We use essential cookies to make our site work. With your consent, we may also use non-essential cookies to improve user experience and analyze website traffic…

Nemotron 3 Nano Omni — the first multimodal model in the Nemotron 3 family, now on DeepInfra!

Kimi K2.6 is Now Available on DeepInfra
Published on 2026.04.30 by DeepInfra
Kimi K2.6 is Now Available on DeepInfra

Kimi K2.6 can coordinate up to 300 sub-agents executing 4,000 steps in a single autonomous run — Moonshot AI’s answer to the gap between what frontier models can do in a chat window and what production agentic systems actually need. Built for long-horizon coding, deep research, and complex orchestration, the model is open source under a Modified MIT license with weights publicly available on Hugging Face. On SWE-Bench Pro, it scores 58.6, outperforming GPT-5.4 (57.7) and Claude Opus 4.6 (53.4).

Under the hood, Kimi K2.6 is a Mixture-of-Experts model with 1 trillion total parameters and only 32 billion activated per token — a design that keeps inference tractable while preserving model capacity. A 256K-token context window and native multimodal support via a 400M-parameter vision encoder round out the architecture for cross-modal, long-context tasks. On DeepSearchQA, it scores 92.5 (F1-score) versus GPT-5.4’s 78.6 — a 14-point gap that reflects real capability on research-heavy agentic workflows. You can try it now on the Kimi K2.6 model page on DeepInfra, or browse the full text generation model catalog if you’re evaluating alternatives.

What Makes This Model Different

Kimi K2.6 is a Mixture-of-Experts (MoE) model with 1 trillion total parameters, but only 32B are activated per token — keeping inference costs in check at scale. The architecture runs 61 layers (including one dense layer), 384 experts with 8 selected per token, and uses Multi-head Latent Attention (MLA) with a 7168 attention hidden dimension. Vision input is handled by a native MoonViT encoder (400M parameters), making multimodality a first-class concern rather than a bolt-on. The model ships in native INT4 (fp4 on DeepInfra) and supports a 256K token context window.

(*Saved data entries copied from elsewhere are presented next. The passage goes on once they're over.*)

(* (a) For every integer $n\ge 5$ and every $\epsilon>0$ there exists a convex $n$-gon $K$ such that $\Delta(K_1)/\Delta(K)<\epsilon$. (b) For every integer $n\ge 6$ and every $\epsilon>0$ there exists a convex $n$-gon $K$ such that $\Delta(K_1)/\Delta(K)>1-\epsilon$.
   Context: For a convex polygon $K=A_1A_2\ldots A_n$ ($n\ge 5$, vertices listed counterclockwise, indices taken modulo $n$), $K_1=B_1B_2\ldots B_n$ denotes the convex $n$-gon bounded by the short diagonals $A_1A_3, A_2A_4,\ldots,A_{n-1}A_1,A_nA_2$, where $B_i$ is the intersection point of the diagonals $A_{i-1}A_{i+1}$ and $A_iA_{i+2}$. $\Delta(\cdot)$ denotes area. *)

From mathcomp Require Import all_boot all_order all_algebra.
From mathcomp Require Import reals.
Set Implicit Arguments. Unset Strict Implicit. Unset Printing Implicit Defensive.
Import Order.TTheory GRing.Theory Num.Theory.
Local Open Scope ring_scope.

Section Defs.
Variable R : realType.
Definition point := (R * R)%type.

(* cross o a b > 0 iff (o, a, b) is a counterclockwise (left) turn *)
Definition cross (o a b : point) : R :=
  (a.1 - o.1) * (b.2 - o.2) - (a.2 - o.2) * (b.1 - o.1).

Definition vtx (n : nat) (P : nat -> point) (i : nat) : point := P (i %% n)%N.

(* P 0, ..., P (n-1) are the vertices, listed counterclockwise, of a convex
   n-gon: every vertex other than the endpoints of an edge lies strictly to
   the left of that (directed) edge. *)
Definition convex_ngon (n : nat) (P : nat -> point) : Prop :=
  (3 <= n)%N /\
  forall i j : nat, (i < n)%N -> (j < n)%N -> j != i -> j != (i.+1 %% n)%N ->
    0 < cross (P i) (P (i.+1 %% n)%N) (P j).

Definition area (n : nat) (Q : nat -> point) : R :=
  `| (\sum_(i < n) ((Q i).1 * (Q (i.+1 %% n)%N).2 - (Q (i.+1 %% n)%N).1 * (Q i).2)) / 2 |.

(* intersection point of the lines p1p2 and p3p4 (when not parallel) *)
Definition line_inter (p1 p2 p3 p4 : point) : point :=
  let d := (p2.1 - p1.1) * (p4.2 - p3.2) - (p2.2 - p1.2) * (p4.1 - p3.1) in
  let t := ((p3.1 - p1.1) * (p4.2 - p3.2) - (p3.2 - p1.2) * (p4.1 - p3.1)) / d in
  (p1.1 + t * (p2.1 - p1.1), p1.2 + t * (p2.2 - p1.2)).

(* B_i = intersection of the diagonals A_{i-1}A_{i+1} and A_i A_{i+2} *)
Definition Bpt (n : nat) (P : nat -> point) (i : nat) : point :=
  line_inter (vtx n P (i + n - 1)%N) (vtx n P i.+1) (vtx n P i) (vtx n P i.+2).

(* K_1 = B_0 B_1 ... B_{n-1} (same cyclic polygon as B_1 ... B_n) *)
Definition K1 (n : nat) (P : nat -> point) : nat -> point := Bpt n P.
End Defs.

(* Put the vertices on the parabola y = x^2: there every cross product factors as
   (b - a) (c - a) (c - b), and each B_i is an explicit point of abscissa between those
   of the endpoints of both diagonals through it.  Taking the abscissae in three
   clusters near -1, 0 and 1 makes K almost the triangle (-1,1), (0,0), (1,1).
   (a) With single vertices near -1 and near 0 and all others near 1, each B_i lies on a
   short diagonal joining two vertices close to the line y = x, so K_1 is a thin sliver.
   (b) With two vertices near -1, two near 0 and the others near 1 (so n >= 6), every
   ear A_i A_(i+1) A_(i+2) contains two vertices at distance t, so it has area O(t);
   since K \ K_1 is covered by two triangles inside each ear, the area lost is O(n t). *)

From mathcomp Require Import all_boot all_order all_algebra.
From mathcomp Require Import reals.
From mathcomp.algebra_tactics Require Import ring lra.
From mathcomp Require Import zify.
Set Implicit Arguments. Unset Strict Implicit. Unset Printing Implicit Defensive.
Import Order.TTheory GRing.Theory Num.Theory.
Local Open Scope ring_scope.

Section ShortDiagonals.
Variable R : realType.
Implicit Types (n : nat) (P : nat -> point R) (x : nat -> R).

Lemma vtx_addn n P i : vtx n P (i + n) = vtx n P i.
Proof. by rewrite /vtx modnDr. Qed.

Lemma vtx_K1 n P i : (0 < n)%N -> vtx n (K1 n P) i = Bpt n P i.
Proof.
move=> n_gt0; change (Bpt n P (i %% n) = Bpt n P i).
have vtx_modDl k : vtx n P (i %% n + k) = vtx n P (i + k) by rewrite /vtx modnDml.
have vtx_mod : vtx n P (i %% n) = vtx n P i by rewrite /vtx modn_mod.
rewrite /Bpt -!addnBA // -(addn2 (i %% n)) -(addn1 (i %% n)) !vtx_modDl vtx_mod.
by rewrite addn1 addn2.
Qed.

Definition wedge (p q : point R) : R := p.1 * q.2 - q.1 * p.2.

Definition shoelace n (Q : nat -> point R) : R := \sum_(i < n) wedge (Q i) (Q i.+1).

The benchmark story is strongest in coding and agentic tasks. A few numbers worth highlighting against GPT-5.4, Claude Opus 4.6, and Gemini 3.1 Pro:

BenchmarkK2.6GPT-5.4Claude Opus 4.6Gemini 3.1 Pro
SWE-Bench Pro58.657.753.454.2
LiveCodeBench v689.688.891.7
Terminal-Bench 2.066.765.465.468.5
DeepSearchQA (F1)92.578.691.3
HLE-Full (w/ tools)54.052.153.051.4
OSWorld-Verified73.175.072.7

On reasoning benchmarks (HLE-Full, GPQA-Diamond), K2.6 scores competitively but trails the frontier slightly — the model is clearly optimized for execution rather than pure reasoning.

The agent swarm capability is architecturally significant. The model can coordinate up to 300 sub-agents across 4,000 steps in a single run, dynamically decomposing tasks into parallel, domain-specialized subtasks and returning structured end-to-end outputs — documents, spreadsheets, websites. This isn’t just a prompted behavior; it’s a design target reflected in benchmarks like BrowseComp (83.2, jumping to 86.3 in swarm mode) and WideSearch (80.8 item-f1). If you’re building document-heavy pipelines, the OCR-powered PDF reader and summarizer tutorial using Kimi K2 on DeepInfra is a practical starting point for seeing those capabilities in action.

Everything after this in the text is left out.